The hypothesis of a founding disadaptation was developed […] by the practitioners of palaeo-anthropology. For Lucy's ‘inventor’, Yves Coppens, man is firstly the product of a forest ape confronted with a new environment, that of the savannah, as a direct result of a geological accident on a vast scale. This initial destabilisation, with its implied loss of all previous familiar markers, would be for Coppens a possible point of departure for humanity in East Africa. In this circumstance, man, failing henceforth to process information with the stability, rigour and exhaustiveness characteristic of the instinctive state, would have prompted to develop a form of vocal communication perpetually in search of an adequate fit with the real.
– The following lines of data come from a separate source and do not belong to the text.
(* Let $m,n$ be integers with $0\le m<n$, let $M,N\subseteq\mathbb Z$ be finite nonempty sets, and let $U=b^m a^M$, $V=b^n a^N$ and $S=U\cup V\subseteq BS^{+}(1,3)$. If $|S|\geq 4$, then $|S^2|\geq \tfrac{7}{2}|S|-6$.
   Context: $BS(1,3)=\langle a,b\mid ab=ba^3\rangle$; $BS^{+}(1,3)=\{b^m a^x: m\in\mathbb{Z}_{\ge 0},\ x\in\mathbb{Z}\}$, with $(b^m a^x)(b^n a^y)=b^{m+n}a^{y+3^n x}$. For $A\subseteq\mathbb Z$, $b^m a^A=\{b^m a^x: x\in A\}$. $S^2=\{st: s,t\in S\}$. *)

From HB Require Import structures.
From mathcomp Require Import all_boot all_order all_algebra.
From mathcomp Require Import finmap.
Set Implicit Arguments. Unset Strict Implicit. Unset Printing Implicit Defensive.
Import GRing.Theory Num.Theory.
Local Open Scope fset_scope.

(* Elements of the monoid BS^+(1,3): b^m a^x is encoded as the pair (m, x). *)
Definition BSp := (nat * int)%type.

(* (b^m a^x)(b^n a^y) = b^(m+n) a^(y + 3^n x) *)
Definition bsmul (s t : BSp) : BSp :=
  ((s.1 + t.1)%N, (t.2 + (3 ^ t.1)%N%:Z * s.2)%R).

Definition bpow (m : nat) (A : {fset int}) : {fset BSp} :=
  [fset ((m, x) : BSp) | x in A].

Definition sqset (S : {fset BSp}) : {fset BSp} :=
  [fset bsmul s t | s in S, t in S].

From mathcomp Require Import all_boot all_order all_algebra.
From mathcomp Require Import finmap.
From mathcomp Require Import zify ring lra.
Set Implicit Arguments. Unset Strict Implicit. Unset Printing Implicit Defensive.
Import Order.TTheory GRing.Theory Num.Theory.
Local Open Scope fset_scope.
Local Open Scope ring_scope.

(* S^2 is the disjoint union of the layers b^(2m), b^(m+n), b^(2n), with exponent sets
   M + 3^m.M, (M + 3^m.N) \cup (N + 3^n.M) and N + 3^n.N.  For m > 0, the bounds
   |A + l.A| >= 3|A| - 2 (l >= 2) and |A + B| >= |A| + |B| - 1 already give 4|S| - 5.
   For m = 0 and l = 3^n one argues by induction on the diameter: if N, or M relative
   to the part D of M whose translates x + nu land in N + l.M, meets two residue classes
   mod l, one of the sumsets splits into two disjoint pieces and gains enough; if D is
   small the middle layer gains |M| - |D|; otherwise M lies in l.Z and N in nu + l.Z,
   and dividing out by l shrinks the diameter without enlarging any layer. *)

Lemma card_disjoint_le (K : choiceType) (X Y Z : {fset K}) :
  X `<=` Z -> Y `<=` Z -> [disjoint X & Y] -> (#|` X| + #|` Y| <= #|` Z|)%N.
Proof.
move=> sXZ sYZ dXY; have := (leq_card_fsetU X Y).2; rewrite dXY => /eqP <-.
by apply: fsubset_leq_card; rewrite fsubUset sXZ sYZ.
Qed.

Lemma card_fsep_le (K : choiceType) (A : {fset K}) (P : pred K) :
  (#|` A| <= #|` [fset x in A | P x]| + #|` [fset x in A | ~~ P x]|)%N.
Proof.
apply: leq_trans (leq_card_fsetU _ _).1.
by apply: fsubset_leq_card; apply/fsubsetP => x xA; rewrite !inE xA orbN.
Qed.
(* Let $G$ be a finite simple (unweighted) graph with $n\ge1$ vertices. Then for every $k\ge1$, \[[x^k]\tau_G=(-1)^{n+k}\sum_{m=1}^{k}\binom{n-m}{k-m}[x^m]\chi_G,\] where $\chi_G$ is the chromatic polynomial of $G$.
   Context: $X_G=\sum_\kappa\prod_{v}x_{\kappa(v)}$ over proper colourings $\kappa:V(G)\to\{1,2,\dots\}$. $P_\lambda$ is the disjoint union of paths $P_{\lambda_1},\dots,P_{\lambda_{\ell(\lambda)}}$ ($P_n$ the path on $n$ vertices), and $\{X_{P_\lambda}\}$ is a basis of the algebra of symmetric functions over $\mathbb{Q}$. The tree polynomial is $\tau_G(x)=\sum_\lambda a_\lambda x^{\ell(\lambda)}$ where $X_G=\sum_\lambda a_\lambda X_{P_\lambda}$. $[x^k]q$ denotes the coefficient of $x^k$ in a polynomial $q$. *)

From mathcomp Require Import all_boot all_order all_algebra.
Set Implicit Arguments. Unset Strict Implicit. Unset Printing Implicit Defensive.
Import GRing.Theory Num.Theory.
Local Open Scope ring_scope.

Definition proper (T C : finType) (e : rel T) (k : {ffun T -> C}) : bool :=
  [forall x, forall y, e x y ==> (k x != k y)].

(* Coefficient of the monomial x_0^(s_0) ... x_(N-1)^(s_(N-1)) (N = size s,
   all other variables to the power 0) in the chromatic symmetric function
   X_(T,e) = sum over proper colourings k : T -> {0,1,2,...} of prod_v x_(k v).
   Every monomial in infinitely many variables is of this form, so these
   numbers determine X_(T,e) as a formal power series. *)
Definition cX (T : finType) (e : rel T) (s : seq nat) : nat :=
  #|[set k : {ffun T -> 'I_(size s)} | proper e k &
        [forall i : 'I_(size s), #|[set x | k x == i]| == nth 0%N s i]]|.

(* the disjoint union of paths P_(lam_1), ..., P_(lam_l) *)
Definition pathV (lam : seq nat) : finType :=
  {i : 'I_(size lam) & 'I_(nth 0%N lam i)}.
Definition pathE (lam : seq nat) : rel (pathV lam) :=
  fun u v => (tag u == tag v) &&
    (((tagged u : nat).+1 == tagged v) || ((tagged v : nat).+1 == tagged u)).

Definition is_part (n : nat) (s : seq nat) : bool :=
  [&& sorted geq s, all (fun x => 0 < x)%N s & sumn s == n].

(* sum of F lam over all partitions lam of n (each exactly once:
   length l <= n, parts <= n) *)
Definition psum (n : nat) (F : seq nat -> rat) : rat :=
  \sum_(l < n.+1) \sum_(t : l.-tuple 'I_n.+1 | is_part n (map val t))
     F (map val t).

(* tree polynomial, given the expansion coefficients a_lam *)
Definition tau_poly (n : nat) (a : seq nat -> rat) : {poly rat} :=
  \sum_(l < n.+1) \sum_(t : l.-tuple 'I_n.+1 | is_part n (map val t))
     a (map val t) *: 'X^(size (map val t)).

Definition ncol (T : finType) (e : rel T) (q : nat) : nat :=
  #|[set k : {ffun T -> 'I_q} | proper e k]|.

From Pilot Require Import Defs.
From mathcomp Require Import all_boot all_order all_algebra.
From mathcomp Require Import ring zify.
Set Implicit Arguments. Unset Strict Implicit. Unset Printing Implicit Defensive.
Import GRing.Theory Num.Theory.
Local Open Scope ring_scope.

(* Sorting the proper q-colourings by the number of vertices of each colour
   turns X_G = sum a_lam X_(P_lam) into chi_G(q) = sum a_lam chi_(P_lam)(q),
   and a forest with l components on n vertices has q^l (q-1)^(n-l) proper
   q-colourings (colour the roots freely, then each other vertex avoiding its
   parent's colour). Hence chi_G(x) = (x-1)^n tau_G(x/(x-1)). The substitution
   p(x) |-> (x-1)^n p(x/(x-1)) is an involution on polynomials of degree at
   most n, so tau_G(x) = (x-1)^n chi_G(x/(x-1)) = sum_m [x^m]chi_G x^m
   (x-1)^(n-m), and the formula follows by expanding (x-1)^(n-m). *)

Section ForestColourings.

Variables (T : finType) (e : rel T) (parent : T -> option T) (depth : T -> nat).
Hypothesis depth_parent : forall u v, parent v = Some u -> (depth u < depth v)%N.
Hypothesis e_parent :
  forall x y, e x y = (parent y == Some x) || (parent x == Some y).
Variable p : nat.

Definition parent_diff (k : {ffun T -> 'I_p.+1}) : {ffun T -> 'I_p.+1} :=
  [ffun v => k v - (if parent v is Some u then k u else 0)].

Lemma parent_diff_inj : injective parent_diff.
Proof.
move=> k1 k2 eq_diff; apply/ffunP => v.
suff: forall m v, (depth v < m)%N -> k1 v = k2 v by apply; apply: ltnSn.
elim=> [|m IHm] {}v //= lt_vm.
have := congr1 (fun f : {ffun T -> 'I_p.+1} => f v) eq_diff; rewrite !ffunE.
case pv: (parent v) => [u|]; last by rewrite !subr0.
rewrite (IHm u); first by move/addIr.
exact: leq_trans (depth_parent pv) lt_vm.
Qed.

Definition diff_range (v : T) : pred 'I_p.+1 :=
  if parent v is Some _ then (fun c => c != 0) else predT.

Lemma proper_parent_diff k :
  Defs.proper e k = (parent_diff k \in family diff_range).
Proof.
apply/forallP/familyP => [k_proper v | k_diff x].
  rewrite /diff_range ffunE; case pv: (parent v) => [u|] //.
  have := forallP (k_proper u) v; rewrite e_parent pv eqxx /=.
  by rewrite unfold_in /=; apply: contra => /eqP/subr0_eq->.
apply/forallP => y; apply/implyP; rewrite e_parent.
have diff_neq u w : parent w = Some u -> k u != k w.
  move=> pw; have := k_diff w; rewrite /diff_range ffunE pw unfold_in /=.
  by apply: contra => /eqP->; rewrite subrr.
by case/orP=> /eqP/diff_neq; rewrite // eq_sym.
Qed.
Deprived of any trustworthy informational link with the world, the creature that by this very fact ceased being animal was led to reconstruct this permanent separation, this perpetual distance from the world by giving it a meaning.
The terms highlighted in the above quotation clearly situate the thinking behind the representations that structure this account. According to this approach, hominisation would have functioned in a manner opposite to a Darwinian process, through ‘disadaptation’, as thirty years before Roger Caillois was proposing. It is not a question of a reinterpretation of Stephen J. Gould's proposition with respect to ‘punctuated equilibria’.Footnote 6 If such had been the case, Australopithecus would have been but one of the multiple species confronted with the problem of the savannisation of the environment. Breton, however, puts forward an inverse process, that of ‘disadaptation’, reinforced by the use of such terms as ‘degradation’, ‘regression’, ‘destabilisation’. ‘Loss’, ‘failure’, ‘deprivation’ bring about the ‘cessation’ of animality, ‘departure’, ‘reconstruction’ and finally ‘distance’. We find ourselves within the same semantic system as that of the ‘rupture’ and ‘coming out of nature’ previously cited from Prochiantz's terms, which equate to the ‘point of departure of humanity’ evoked by Breton. The reference to Coppens in reality relates back to an earlier hypothesis, that of the emancipation from the environment provoked by the freeing-up of the hand.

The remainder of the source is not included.